Description of Fructose Challenge Test
Fructose disorders all are inherited as autosomal recessive traits. Essential fructosuria is a clinically benign disorder. Fructose-1,6-diphosphatase deficiency is a clinically severe and often terminal illness in the newborn that is frequently diagnosed by clinical clues that do not involve fructose-loading tests. Hereditary fructose intolerance is a disorder, seen in children as well as adults, that is caused by a deficiency of fructose-1-phosphate aldolase. This condition, characterized by an aversion to sweet foods, may be diagnosed by use of the intravenous fructose challenge test. In this test, a weight-based dose of intravenous fructose is administered intravenously, and serial blood and urine samples are obtained.
Professional Considerations of Fructose Challenge Test
Consent form IS required.
Profound hypoglycemia is likely to occur in clients with hereditary fructose intolerance.
Known fructose intolerance. Ancillary medical conditions in which hypoglycemia would impose unacceptable risk to the client (certain forms of cardiac and neurologic disease).
- See Client and Family Teaching.
- Insert an indwelling intravenous catheter for the administration of fructose, for obtaining blood samples, and if the emergent administration of intravenous glucose is needed.
- Insert an indwelling urinary catheter if urine samples will be measured.
- Obtain 10 red-topped, red/gray-topped, or gold-topped tubes.
- Obtain blood glucose monitoring machine and associated supplies.
- Obtain parenteral glucose solution (D50W).
- Have emergency equipment readily available.
- Just before beginning the procedure, take a “time out” to verify the correct client, procedure, and site.

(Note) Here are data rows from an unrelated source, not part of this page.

Lemma lin_rel_succ w r : lin_rel w r r.+1 \/ lin_rel w r.+1 r.
Proof.
have only_r t : r <= t < r.+1 -> t = r by lia.
have none t : r.+1 <= t < r -> False by lia.
case E: (nth LI w r); [left|right|left]=> t;
  by split=> tr; first [case: (none _ tr) | rewrite (only_r _ tr) E].
Qed.

Section Zigzag.

Variables (w : seq letter) (n : nat) (phi : nat -> nat).
Hypothesis phi_step : forall r, r < n ->
  phi r <= phi r.+1 /\ (lin_rel w (phi r) (phi r.+1) \/ lin_rel w (phi r.+1) (phi r)).

Lemma zigzag_mono p q : p <= q <= n -> phi p <= phi q.
Proof.
case/andP=> pq qn.
apply: (homo_leq_in (D := [pred r | r <= n]) (f := phi) (r := leq) leqnn)
  => //; first exact: leq_trans.
- by move=> i j _ jn k /andP[_ /ltnW /leq_trans]; apply.
- by move=> r _ rn; case: (phi_step rn).
- exact: leq_trans qn.
Qed.

Lemma zigzag_cover k : phi 0 <= k <= phi n -> exists2 p, p <= n & lin_rel w k (phi p).
Proof.
case/andP=> k0 kn.
pose P := [pred p | (p <= n) && (phi p <= k)].
have exP : exists p, P p by exists 0; rewrite /= k0.
have ubP p : P p -> p <= n by case/andP.
case: (ex_maxnP exP ubP) => p /andP[pn pk] pmax.
case: (ltnP p n) => [lt_pn|]; last first.
  move=> np; have pn_eq : p = n by apply/eqP; rewrite eqn_leq pn.
  have -> : k = phi n by apply/eqP; rewrite eqn_leq kn -pn_eq.
  by exists n => //; apply: lin_rel_refl.
have kp1 : k < phi p.+1.
  by rewrite ltnNge; apply/negP => /(conj lt_pn)/andP/pmax; rewrite ltnn.
have [_ [fwd|bwd]] := phi_step lt_pn.
- by exists p.+1 => //; apply: (lin_rel_fwd_tail fwd); rewrite pk ltnW.
- by exists p; [exact: pn | apply: (lin_rel_bwd_tail bwd); rewrite pk ltnW].
Qed.

End Zigzag.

- The client is positioned recumbent.
- Draw a 7-mL baseline blood sample for serum glucose, fructose, potassium, phosphorus, magnesium, and urate determination.
- If urine testing will be included, collect a 2-hour baseline urine sample for urate, phosphorus, lactate, alanine, magnesium, and fructose determination.
- Administer 200 mg/kg (body weight) of 20% fructose solution intravenously over a 1-minute period for children or over a 2-minute period for adults.
- Repeat step 2 above, drawing the blood sample immediately after the injection and then at 5, 10, 15, 20, 30, 45, 60, 90, and 120 minutes after the fructose infusion.
- Urine measurements of fructose, lactate, alanine, magnesium, and phosphorus are occasionally performed during the fructose challenge test.
- Serum glucose is monitored frequently during the test with cutaneous blood glucose monitoring.
- Write beginning and ending times of each urine collection on the laboratory requisition.
- Perform cutaneous blood glucose measurement frequently and observe closely for signs of hypoglycemia for several hours after the test.
- Discontinue urinary catheter.
- Discontinue intravenous catheter once it is determined that hypoglycemia is no longer a risk.
Client and Family Teaching
- Consume a diet free of fructose and sucrose during the 3 weeks before the test.
- This test is needed to help diagnose hereditary fructose intolerance. This is a condition in which modifying your diet to reduce fructose in your food can improve your prognosis.
- This test may cause you to feel hypoglycemic. If this occurs, it will be quickly treated.
Factors That Affect Results
- Accurately timed and labeled serum and urine samples are essential.
- Abnormally low fructose levels may result if the urine specimen is not tested when it is still fresh.
- Timed studies of this type are often best performed in special diagnostic areas where the personnel are familiar with the diagnostic procedure.
- Hereditary fructose intolerance is associated with hypoglycemia after intravenous fructose administration. Other phenomena observed in these clients during the test include a rise in serum magnesium and uric acid levels, a fall in serum phosphorus level, and a decrease in urine phosphorus excretion after the fructose administration.
- Infants fed with a sucrose-containing formula that is hydrolyzed to fructose will exhibit more severe symptoms than breast-fed infants, who are usually asymptomatic, because lactose is not catabolized by the fructose enzyme.
- Liver biopsy specimens examined for metabolites of fructose may also be used for diagnosis of hereditary fructose intolerance.
- Treatment for hereditary fructose intolerance is a fructose-free and sucrose-free diet.